Project schematic of the research cycle

Social system research objectives

From the project’s origin, we were equally curious about the social, environmental, and modeling questions and, particularly, how they interacted. We wanted to (1) catalog the range of value propositions citizen scientists get from texting readings from their phones (i.e., their motivations for participating), (2) gather their ideas for improving participation, and (3) ensure the model we created was useful, then (4) shape our ecohydrological model to meet the citizen scientists’ expressed ambitions.

Two underlying and compounding assumptions about participation, not statistically tested here, informed our approach to social research design. First, more frequent engagement with the research team via social research activities (interviews, focus groups) would yield greater participation. By asking citizen scientists to consider the value of the stream data and the ecohydrological model, they would effectively be reminded of the potential benefits of submitting readings. Second, a more locally useful ecohydrological model would increase the number of observations. Knowing that the model outputs are partially shaped by citizen scientists’—a proxy for the local community’s—expressed interests should inspire submitting gauge readings.

Step 2: identify citizen scientist motivations for participation

Understanding features of the community of citizen scientists can improve how scientists engage communities around project sites. These features can be elicited by talking with citizen scientists about their motivations for participation and their ambitions for their shared resources. Not engaging citizen scientists is a “mistake” of contributory citizen science projects (Lowry et al. 2019). For projects with shared resources (waterways, wildlife, street trees, etc.), researchers may assume that reasons for participation include the established range of pedagogical/didactic aims (Kelemen-Finan et al. 2018), the desire to participate in “real science,” and the cadre of intrinsic and extrinsic motivations (Capdevila et al. 2020; Land-Zandstra et al. 2021). Importantly, however, motivations may encircle the quality of the natural resource (Church et al. 2019; Agnello et al. 2022) and may include a broad array of motivations (Tinati et al. 2017; Zhou et al. 2020) that researchers would never come up with without engaging the citizen scientists involved in the project and directly asking “why?”.
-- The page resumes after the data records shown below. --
Definition imca_density (d : nat) (ks : 'I_d -> nat) (Y : Type)
  (mu : vec d -> R) (T : forall i : 'I_d, R -> vec (ks i))
  (lam : forall i : 'I_d, Y -> vec (ks i)) (Gam : Y -> R)
  (z : vec d) (y : Y) : R :=
  mu z * exp (Rsum (fun p => stackT T z p * stackL lam y p) - Gam y).

From Stdlib Require Import Reals.
From HB Require Import structures.
From mathcomp Require Import all_boot all_fingroup.
Set Warnings "-notation-overridden -ambiguous-paths".
From Stdlib Require Import Lra Lia Classical.
From mathcomp Require Import all_algebra Rstruct.
Import GRing.Theory.

(* Taking logarithms in [p_{f,g}(x|y) = p(x|y)] and subtracting the identity at
   [y^0] from the one at [y^t] eliminates the unknown terms [ln mu(z)] and
   [ln |det J(x)|], leaving [T(z)^T L = c - H(f(x))^T G] with [G] the matrix of
   differences of [g]. Multiplying by [L^-1] writes [T(z)] as an affine function
   [H(f(x))^T C + e]. A vector [eta] in the kernel of [C] would make [T(z)^T eta]
   constant in [z]; moving one coordinate of [z] at a time, this contradicts the
   strong exponential condition with [U = R], as [R] is not Lebesgue null. Hence
   the square matrix [C] is invertible, and inverting the affine relation gives
   [H(f(x)) = A T(z) + b]. *)

Set Implicit Arguments.
Unset Strict Implicit.
Unset Printing Implicit Defensive.
Local Open Scope R_scope.

Lemma sum_f_R0_le_add (u : nat -> R) (N k : nat) :
  (forall n, 0 <= u n) -> sum_f_R0 u N <= sum_f_R0 u (N + k)%coq_nat.
Proof.
move=> u_ge0; elim: k => [|k IHk]; first by rewrite Nat.add_0_r; lra.
by rewrite Nat.add_succ_r /=; have := u_ge0 (S (N + k)%coq_nat); lra.
Qed.

Lemma le_sum_f_R0 (u : nat -> R) (N m : nat) :
  (forall n, 0 <= u n) -> (m <= N)%coq_nat -> u m <= sum_f_R0 u N.
Proof.
move=> u_ge0; elim: N => [|N IHN] le_mN.
  have -> : m = 0%nat by lia.
  by rewrite /=; lra.
have [->|ne_mSN] := Nat.eq_dec m (S N).
  by rewrite /=; have := cond_pos_sum u N u_ge0; lra.
have := IHN ltac:(lia); have := u_ge0 (S N); rewrite /=; lra.
Qed.

(* Length of [(a, b) ∩ (-oo, x]]. *)
Definition trunc_len (a b x : R) : R := Rmax 0 (Rmin b x - a).

Lemma trunc_len_ge0 a b x : 0 <= trunc_len a b x.
Proof. exact: Rmax_l. Qed.

Lemma trunc_len_le a b x : a <= b -> trunc_len a b x <= b - a.
Proof.
move=> le_ab; apply: Rmax_lub; first lra.
by have := Rmin_l b x; lra.
Qed.

Lemma le_trunc_len a b x y : x <= y -> trunc_len a b x <= trunc_len a b y.
Proof.
move=> le_xy; apply: Rmax_lub; first exact: Rmax_l.
apply: Rle_trans (Rmax_r _ _); have := Rle_min_compat_l x y b le_xy; lra.
Qed.

Lemma trunc_lenB a b x y : a < x -> x <= y -> y <= b ->
  trunc_len a b y - trunc_len a b x = y - x.
Proof.
move=> lt_ax le_xy le_yb; rewrite /trunc_len !Rmin_right; try lra.
by rewrite !Rmax_right; lra.
Qed.

Section IntervalCover.
Variables a b : nat -> R.
Hypothesis le_ab : forall n, a n <= b n.

Let covered_upto (x : R) : Prop :=
  0 <= x <= 1 /\ exists N, x <= sum_f_R0 (fun n => trunc_len (a n) (b n) x) N.

Let covered_upto_step x y m :
  covered_upto x -> a m < x -> x <= y -> y <= b m -> y <= 1 -> covered_upto y.
Proof.
move=> [x01 [N le_x_sum]] lt_ax le_xy le_yb le_y1; split; first lra.
exists (N + m)%coq_nat.
pose len z n := trunc_len (a n) (b n) z.
have le_sumN : sum_f_R0 (len x) N <= sum_f_R0 (len x) (N + m)%coq_nat.
  by apply: sum_f_R0_le_add => n; exact: trunc_len_ge0.
have le_gain : len y m - len x m <= sum_f_R0 (fun n => len y n - len x n) (N + m)%coq_nat.
  apply: (le_sum_f_R0 (u := fun n => len y n - len x n)); last lia.
  by move=> n; have := le_trunc_len (a n) (b n) le_xy; rewrite /len; lra.
rewrite minus_sum (trunc_lenB lt_ax le_xy le_yb) in le_gain.
rewrite /len in le_sumN le_gain; lra.
Qed.

(* The supremum of the points up to which the lengths cover is 1: otherwise the
   interval covering the supremum would push the covered region past it. *)
Lemma interval_cover_length :
  (forall x, 0 <= x <= 1 -> exists n, a n < x < b n) ->
  exists N, 1 <= sum_f_R0 (fun n => b n - a n) N.
Proof.
move=> cover.
have cov0 : covered_upto 0.
  by split; [lra | exists 0%nat; apply: cond_pos_sum => n; exact: trunc_len_ge0].
have [|s [ub_s lub_s]] := completeness covered_upto _ (ex_intro _ 0 cov0).
  by exists 1 => x [x01 _]; lra.
have s01 : 0 <= s <= 1 by split; [exact: ub_s | apply: lub_s => x [x01 _]; lra].
have [m lt_ams] := cover s s01.
have [x [cov_x lt_ax]] : exists x, covered_upto x /\ a m < x.
  apply: NNPP => no_x; have : s <= a m; last lra.
  by apply: lub_s => x cov_x; apply: Rnot_lt_le => lt_ax; apply: no_x; exists x.
have le_xs := ub_s x cov_x.
pose y := Rmin 1 ((s + b m) / 2).
have le_y1 : y <= 1 by exact: Rmin_l.
have le_yb : y <= b m by have := Rmin_r 1 ((s + b m) / 2); rewrite -/y; lra.
have le_xy : x <= y by apply: Rmin_glb; lra.
have cov_y := covered_upto_step cov_x lt_ax le_xy le_yb le_y1.
have le_ys := ub_s y cov_y.
have y1 : y = 1.
  rewrite /y in le_ys *; have [le_1h|lt_h1] := Rle_lt_dec 1 ((s + b m) / 2).
    by rewrite Rmin_left.
  by rewrite Rmin_right in le_ys; lra.
rewrite y1 in cov_y; have [_ [N le_1_sum]] := cov_y.
exists N; apply: Rle_trans le_1_sum _.
by apply: sum_Rle => n _; exact: trunc_len_le.
Qed.

End IntervalCover.

Lemma not_lebesgue_null_setT : ~ lebesgue_null (fun _ => True).
Proof.
move=> null; have [a [b [le_ab [cover [r [lt_r1 sum_le]]]]]] := null 1 Rlt_0_1.
have [N] := interval_cover_length le_ab (fun x _ => cover x I).
by have := sum_le N; lra.
Qed.

Lemma lebesgue_measurable_setT : lebesgue_measurable (fun _ => True).
Proof.
move=> eps eps_gt0; exists (fun _ => True); split; [|split] => //.
  by move=> x _; exists 1; split; [lra | by []].
exists (fun _ => 0), (fun _ => 0); split; first by move=> n; lra.
split; first by move=> x [].
by exists 0; split => // N; elim: N => [|N IHN] /=; lra.
Qed.

Lemma strong_exponential_coef0 (ki : nat) (Ti : R -> vec ki) (eta : vec ki) :
  strong_exponential Ti ->
  (exists c, forall u, Rsum (fun j => Ti u j * eta j) = c) -> forall j, eta j = 0.
Proof.
move=> sexp [c const_c].
have [null|//] := sexp _ lebesgue_measurable_setT eta (ex_intro _ c (fun u _ => const_c u)).
by case: not_lebesgue_null_setT.
Qed.

Lemma Rsum_blk (d : nat) (ks : 'I_d -> nat) (F : blk ks -> R) :
  Rsum F = Rsum (fun i : 'I_d => Rsum (fun j : 'I_(ks i) => F (Tagged (fun i => 'I_(ks i)) j))).
Proof.
rewrite /Rsum (sig_big_dep (op := Rplus) (idx := R0) predT (fun _ => predT)
  (fun i j => F (Tagged (fun i => 'I_(ks i)) j))).
by apply: eq_big => // -[i j].
Qed.

Lemma card_blk_perm (d : nat) (ks ms : 'I_d -> nat) (sigma : {perm 'I_d}) :
  (forall l, ms l = ks (sigma l)) -> #|blk ks| = #|blk ms|.
Proof.
move=> ms_ks; rewrite /blk !order.tagnat.card.
rewrite [RHS](eq_bigr (fun i => ks (sigma i))); last by move=> i _; rewrite ms_ks.
exact: (reindex_inj (@perm_inj _ sigma)).
Qed.

(* Moving a single coordinate [z_i] with the others frozen at [0] reduces the
   statement to [strong_exponential_coef0] for the block [i]. *)
Lemma stackT_coef0 (d : nat) (ks : 'I_d -> nat) (T : forall i : 'I_d, R -> vec (ks i))
  (eta : blk ks -> R) :
  (forall i, strong_exponential (T i)) ->
  (exists c, forall z, Rsum (fun p => stackT T z p * eta p) = c) -> forall p, eta p = 0.
Proof.
move=> sexp [c const_c] [i j].
pose coord (u : R) : vec d := fun i' => if i' == i then u else 0.
pose S (i' : 'I_d) (u : R) :=
  Rsum (fun j : 'I_(ks i') => T i' u j * eta (Tagged (fun i => 'I_(ks i)) j)).
pose rest := \big[Rplus/R0]_(i' | i' != i) S i' 0.
have split_c u : S i u + rest = c.
  rewrite -(const_c (coord u)) Rsum_blk /Rsum [RHS](bigD1 i) //=.
  congr (_ + _); first by apply: eq_bigr => k _; rewrite /stackT /coord /= eqxx.
  apply: eq_bigr => i' /negbTE ne_i'i; apply: eq_bigr => k _.
  by rewrite /stackT /coord /= ne_i'i.
apply: (strong_exponential_coef0 (eta := fun j => eta (Tagged _ j)) (sexp i)).
by exists (c - rest) => u; rewrite -(split_c u) /Rminus Rplus_assoc Rplus_opp_r Rplus_0_r.
Qed.

Lemma ln_exp_div_eq (a v z m j : R) : 0 < z -> 0 <= m -> 0 < j ->
  exp (- a) / z = m * exp v * j -> a + v = - ln z - ln m - ln j.
Proof.
move=> z_gt0 m_ge0 j_gt0 eq_exp.
have lhs_gt0 : 0 < exp (- a) / z by apply: Rdiv_lt_0_compat; [exact: exp_pos | by []].
have m_gt0 : 0 < m.
  case: m_ge0 => // m0; rewrite -m0 in eq_exp; rewrite eq_exp in lhs_gt0; lra.
have := f_equal ln eq_exp.
have exp_v_gt0 := exp_pos v.
rewrite /Rdiv ln_mult ?ln_Rinv ?ln_mult ?ln_exp //; first lra.
- exact: Rmult_lt_0_compat.
- exact: exp_pos.
- exact: Rinv_0_lt_compat.
Qed.

Lemma RsumE (I : finType) (F : I -> R) : Rsum F = (\sum_(i : I) F i)%R.
Proof. by []. Qed.

Lemma Rsum_ext (I : finType) (F G : I -> R) : (forall i, F i = G i) -> Rsum F = Rsum G.
Proof. by move=> eq_FG; apply: eq_bigr => i _; exact: eq_FG. Qed.

Lemma RsumB (I : finType) (F G : I -> R) : Rsum (fun i => F i - G i) = Rsum F - Rsum G.
Proof. exact: sumrB. Qed.

Lemma kdeltaC (I : eqType) (i j : I) : kdelta i j = kdelta j i.
Proof. by rewrite /kdelta eq_sym. Qed.

Lemma mx_invertibleT (I J : finType) (A : I -> J -> R) :
  mx_invertible A -> mx_invertible (fun j i => A i j).
Proof.
move=> [B [AB BA]]; exists (fun i j => B j i); split.
  by move=> j j'; rewrite kdeltaC -BA; apply: Rsum_ext => i; exact: Rmult_comm.
by move=> i i'; rewrite kdeltaC -AB; apply: Rsum_ext => j; exact: Rmult_comm.
Qed.

Lemma kdelta_inj (I J : eqType) (e : I -> J) (i i' : I) :
  injective e -> kdelta (e i) (e i') = kdelta i i'.
Proof. by move=> e_inj; rewrite /kdelta (inj_eq e_inj). Qed.

Local Open Scope ring_scope.

Lemma sum_kdelta (I : finType) (F : I -> R) (i0 : I) :
  \sum_(i : I) F i * kdelta i i0 = F i0.
Proof.
rewrite (bigD1 i0) //= /kdelta eqxx big1 ?addr0 ?mulr1 // => i /negbTE ->.
by rewrite mulr0.
Qed.

Lemma mx_invertible_ker0_ord (n : nat) (C : 'I_n -> 'I_n -> R) :
  (forall eta : 'I_n -> R, (forall i, Rsum (fun j => C i j * eta j) = 0) -> forall j, eta j = 0) ->
  mx_invertible C.
Proof.
move=> ker0; pose Cm : 'M[R]_n := \matrix_(i, j) C i j.
have unitC : Cm \in unitmx.
  rewrite unitmxE unitfE -det_tr; apply/negP => /det0P [v v_neq0 vC].
  move/negP: v_neq0; apply; apply/eqP/rowP => j; rewrite mxE.
  apply: (ker0 (fun j => v 0 j)) => i; rewrite RsumE.
  have := congr1 (fun M : 'M[R]_(1, n) => M 0 i) vC; rewrite !mxE => vCi.
  by rewrite -[RHS]vCi; apply: eq_bigr => k _; rewrite !mxE mulrC.
have entry1 i i' : (1%:M : 'M[R]_n) i i' = kdelta i i'.
  by rewrite mxE /kdelta; case: (i == i').
exists (fun j i => invmx Cm j i); split => i i'; rewrite -entry1.
  by rewrite -(mulmxV unitC) mxE RsumE; apply: eq_bigr => k _; rewrite mxE.
by rewrite -(mulVmx unitC) mxE RsumE; apply: eq_bigr => k _; rewrite mxE.
Qed.

Lemma mx_invertible_reindex (I J K L : finType) (C : I -> J -> R)
  (eI : K -> I) (eJ : L -> J) :
  bijective eI -> bijective eJ -> mx_invertible (fun k l => C (eI k) (eJ l)) -> mx_invertible C.
Proof.
move=> [fI eIK fIK] [fJ eJK fJK] [B [CB BC]].
have sumI (F : I -> R) : \sum_(i : I) F i = \sum_(k : K) F (eI k).
  by rewrite (reindex eI) //; exists fI => ? _; [exact: eIK | exact: fIK].
have sumJ (F : J -> R) : \sum_(j : J) F j = \sum_(l : L) F (eJ l).
  by rewrite (reindex eJ) //; exists fJ => ? _; [exact: eJK | exact: fJK].
exists (fun j i => B (fJ j) (fI i)); split => [i i' | j j'].
  rewrite RsumE sumJ -[i in RHS]fIK -[i' in RHS]fIK kdelta_inj; last exact: can_inj eIK.
  by rewrite -CB; apply: eq_bigr => l _; rewrite eJK fIK.
rewrite RsumE sumI -[j in RHS]fJK -[j' in RHS]fJK kdelta_inj; last exact: can_inj eJK.
by rewrite -BC; apply: eq_bigr => k _; rewrite eIK fJK.
Qed.

Lemma mx_invertible_ker0 (I J : finType) (C : I -> J -> R) : #|J| = #|I| ->
  (forall eta : J -> R, (forall i, Rsum (fun j => C i j * eta j) = 0) -> forall j, eta j = 0) ->
  mx_invertible C.
Proof.
move=> card_JI ker0.
pose eI (k : 'I_#|I|) : I := enum_val k.
pose eJ (k : 'I_#|I|) : J := enum_val (cast_ord (esym card_JI) k).
have bij_eI : bijective eI by exists enum_rank => k; rewrite /eI ?enum_valK ?enum_rankK.
have bij_eJ : bijective eJ.
  exists (fun j => cast_ord card_JI (enum_rank j)) => k.
    by rewrite /eJ enum_valK cast_ordKV.
  by rewrite /eJ cast_ordK enum_rankK.
apply: (mx_invertible_reindex bij_eI bij_eJ); apply: mx_invertible_ker0_ord => eta Ceta k.
have [fJ eJK fJK] := bij_eJ.
rewrite -[k]eJK; apply: (ker0 (fun j => eta (fJ j))) => i.
have [fI eIK fIK] := bij_eI.
rewrite -(Ceta (fI i)) RsumE (reindex eJ); last by exists fJ => ? _; [exact: eJK | exact: fJK].
by apply: eq_bigr => l _; rewrite eJK fIK.
Qed.

Lemma linear_relation_solve (X : Type) (K M N : finType)
  (L : K -> N -> R) (B : N -> K -> R)
  (LB : forall p p', Rsum (fun t => L p t * B t p') = kdelta p p')
  (G : M -> N -> R) (c : N -> R) (tau : X -> K -> R) (phi : X -> M -> R) :
  (forall x t, Rsum (fun p => tau x p * L p t) = c t - Rsum (fun q => phi x q * G q t)) ->
  exists (C : M -> K -> R) (e : K -> R),
    forall x p, tau x p = Rsum (fun q => phi x q * C q p) + e p.
Proof.
move=> rel; exists (fun q p => - \sum_t G q t * B t p), (fun p => \sum_t c t * B t p).
move=> x p; rewrite -[LHS](sum_kdelta (tau x) p).
under eq_bigr => p' _ do rewrite -LB RsumE mulr_sumr.
rewrite exchange_big /=.
under eq_bigr => t _ do (under eq_bigr => p' _ do rewrite mulrA; rewrite -mulr_suml -RsumE rel).
under eq_bigr => t _ do rewrite mulrBl RsumE mulr_suml.
rewrite sumrB addrC; congr (_ + _).
rewrite exchange_big /= -sumrN; apply: eq_bigr => q _.
by rewrite mulrN mulr_sumr; congr (- _); apply: eq_bigr => t _; rewrite mulrA.
Qed.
Case study: identifying Boyne River citizen scientist motivations

Following stakeholder engagement literature and participatory modeling best practices (van den Belt 2004; Hall 2019; Hall et al. 2016), we sought to privilege how citizens voiced their ambitions for their participation, the project, and the value of the model over the research team’s assumptions about citizen scientists’ perspectives (Hall et al. 2012; Horton et al. 2017). To do so, we needed to collect information about citizen scientist participants’ views, which required hosting and documenting targeted conversations.

Interview methods

To gather information about citizen scientists’ motivations and their ideas for improving participation and the model (i.e., the research output from this project), we conducted targeted interviews with a sample (Table 1) of the 415 citizen scientistsFootnote 2 who had contributed readings. We recruited interviews from citizen scientists who had contributed data and who had a record of interest in Boyne River data evidenced by their attendance at our project’s kick-off presentation open to the public (Fig. 4). These participants represent an expanded interest in collaboration beyond texting readings (Cooper and Lewenstein 2016). We also recruited interviewees from FoBR contacts and through a web search of organizations with interests in water resources management in northern Michigan. We categorized interviewees by “perspective” not because perspectives are particularly important to the research outcomes, as rarely participants fall into just one perspective category, but to evaluate the diversity of perspectives voiced. For example, early in the process, we noticed we lacked government perspectives and then used snowball sampling (Noy 2008) to improve the diversity of perspectives interviewed. The final number of pre-model interviewees was 40 (Table 1). Because the scope of the study was narrow, the overall population of river users was small, the nature of the topic was easily talked about, and the interviewer was experienced, the number of targeted interviews was appropriate (Morse 2015, 2000; Malterud et al. 2016). The interview protocol followed the research objectives above. We asked questions that aimed to elicit: Who is texting information? Why do people participate? What motivates Boyne River citizen scientists to submit observations? Each interviewee confirmed they had submitted at least one stream gauge reading. Interviews were audio recorded, transcribed, and analyzed line by line using thematic cluster analysis (Guest et al. 2017; Creswell and Poth 2018).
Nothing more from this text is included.